◆ **EXERCISE REQUIREMENTS**: Check each line of the records below and collect those holding "under".

◆ **DATA FOR THIS TASK**:
<<<<
Lemma stress_mx_stress r : (r <= stress_mx)%MS -> stress (cochain_of_row r).
Proof.
move=> /sub_bigcapmxP r_ker; split=> [sg|t tT j].
  by apply: contraR => /cochain_of_row_out ->; rewrite eqxx.
by have /sub_kermxP r_t := r_ker t tT; rewrite -mul_star_quotient_mx r_t mxE.
Qed.

(* The rows [v_u], [u \in t], are independent and killed by [quotient_mx t]. *)
Lemma mxrank_quotient_mx t : t \in Tk -> (\rank (quotient_mx t) <= d - k)%N.
Proof.
rewrite inE => /andP [tD /eqP card_t].
pose B : 'M[F]_(#|t|, d) := \matrix_(i, l) V (enum_val i) l.
pose B' : 'M[F]_(d, #|t|) := \matrix_(l, i) L t (enum_val i) l.
have lformE M i : lform V M (enum_val i) = \sum_l V (enum_val i) l * M l.
  by apply: eq_bigr => l _; rewrite mulrC.
have rank_B : \rank B = #|t|.
  apply/eqP/row_freeP; exists B'; apply/matrixP => i i'; rewrite !mxE.
  under eq_bigr do rewrite !mxE.
  by rewrite -lformE L_dual ?enum_valP // (inj_eq enum_val_inj) eq_sym.
have /sub_kermxP B_ker : B *m quotient_mx t = 0.
  apply/matrixP => i j; rewrite !mxE; under eq_bigr do rewrite !mxE.
  by rewrite -lformE lform_quotient_form_face ?enum_valP.
have := mxrankS B_ker; rewrite mxrank_ker rank_B card_t.
have := rank_leq_row (quotient_mx t); lia.
Qed.

Lemma mxrank_stress_mx : (#|Ek| <= \rank stress_mx + #|Tk| * (d - k))%N.
Proof.
apply: leq_trans (mxrank_bigcap_codim (mem Tk) (fun t => kermx (star_mx t *m quotient_mx t))) _.
rewrite leq_add2l -sum_nat_const.
apply: leq_sum => t tT; rewrite mxrank_ker subKn ?rank_leq_row //.
exact: leq_trans (mxrankM_maxr _ _) (mxrank_quotient_mx tT).
Qed.
Lemma coarse_near : exists2 K, 0 < K & \forall mu \near +oo, opbound nu nu (coarse mu) K.
Proof.
have [Kp Kp0 hP] := Ptilde_inv_near.
have [Ki Ki0 hTCF] := exists_opbound nu_norm nut_norm (TCF L TCFQ TCFA) nt_gt0.
have [Kr Kr0 hTFC] := exists_opbound nut_norm nu_norm (TFC L TFCQ TFCA) n_gt0.
have [Kq Kq0 hGq] := exists_opbound nu_norm nu_norm Gq n_gt0.
have [Ke Ke0 hEH] := exists_opbound nu_norm nu_norm EH n_gt0.
set a := Ki * Kp * Kr; have a0 : 0 <= a by rewrite !mulr_ge0.
exists (1 + a * (1 + Kq + Ke)); first by rewrite ltr_pwDl ?mulr_ge0 ?addr_ge0.
near=> mu; have mu1 : 1 <= mu by near: mu; apply: nbhs_pinfty_ge; rewrite num_real.
have mu0 : 0 < mu by lra.
have hC : opbound nu nu (Cmat L Q A mu) (1 + mu * Kq + Ke).
  rewrite /Cmat -{2}(ger0_norm (ltW mu0)).
  exact: (opboundB nu_norm (opboundB nu_norm (opbound1 _) (opboundZr nu_norm _ hGq)) hEH).
apply: (opboundB nu_norm (opbound1 _)).
have Kp_mu0 : 0 <= Kp / mu := divr_ge0 Kp0 (ltW mu0).
have hPt : opbound nut nut (invmx (Ptilde L QtD At mu)) (Kp / mu) by near: mu.
have a1 : 0 <= Ki * (Kp / mu) := mulr_ge0 Ki0 Kp_mu0.
have a2 : 0 <= Ki * (Kp / mu) * Kr := mulr_ge0 a1 Kr0.
apply: (opbound_le nu_norm _ (opboundM a2 (opboundM a1 (opboundM Ki0 hTCF hPt) hTFC) hC)).
have -> : Ki * (Kp / mu) * Kr * (1 + mu * Kq + Ke) = a * ((1 + mu * Kq + Ke) / mu).
  by rewrite /a; field; rewrite gt_eqF.
rewrite ler_wpM2l // ler_pdivrMr //; nra.
Unshelve. all: by end_near. Qed.

Lemma pfasst_opnorm_near k : exists2 c, 0 < c & exists2 c', 0 <= c' &
  \forall mu \near +oo,
    opnorm nu (T_PFASST L Q QD A QtD At TFCQ TFCA TCFQ TCFA mu k)
    <= c * opnorm nu (mxpow X k) + c' / mu.
Proof.
have [K K0 hCC] := coarse_near; have [dk dk0 hSk] := smoother_pow_near k.
exists K => //; exists (K * dk); first exact: mulr_ge0 (ltW K0) dk0.
near=> mu; have mu0 : 0 < mu by near: mu; apply: nbhs_pinfty_gt; rewrite num_real.
have opX := opbound_opnorm nu_norm n_gt0 (mxpow X k).
apply: (opnorm_le_opbound nu_norm n_gt0).
  exact: addr_ge0 (mulr_ge0 (ltW K0) (opnorm_ge0 _ _ _))
    (divr_ge0 (mulr_ge0 (ltW K0) dk0) (ltW mu0)).
have hT : opbound nu nu (coarse mu *m mxpow (smoother mu) k)
    (K * (opnorm nu (mxpow X k) + dk / mu)).
  apply: (opboundM (nuq := nu) (ltW K0)); first by near: mu.
  rewrite -[mxpow (smoother mu) k](subrK (mxpow X k)) addrC.
  by apply: (opboundD nu_norm opX); near: mu.
by apply: (opbound_le nu_norm _ hT); rewrite mulrDr mulrA.
Unshelve. all: by end_near. Qed.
>>>>
◆ **ANSWER AREA**:
  under eq_bigr do rewrite !mxE.
  apply/matrixP => i j; rewrite !mxE; under eq_bigr do rewrite !mxE.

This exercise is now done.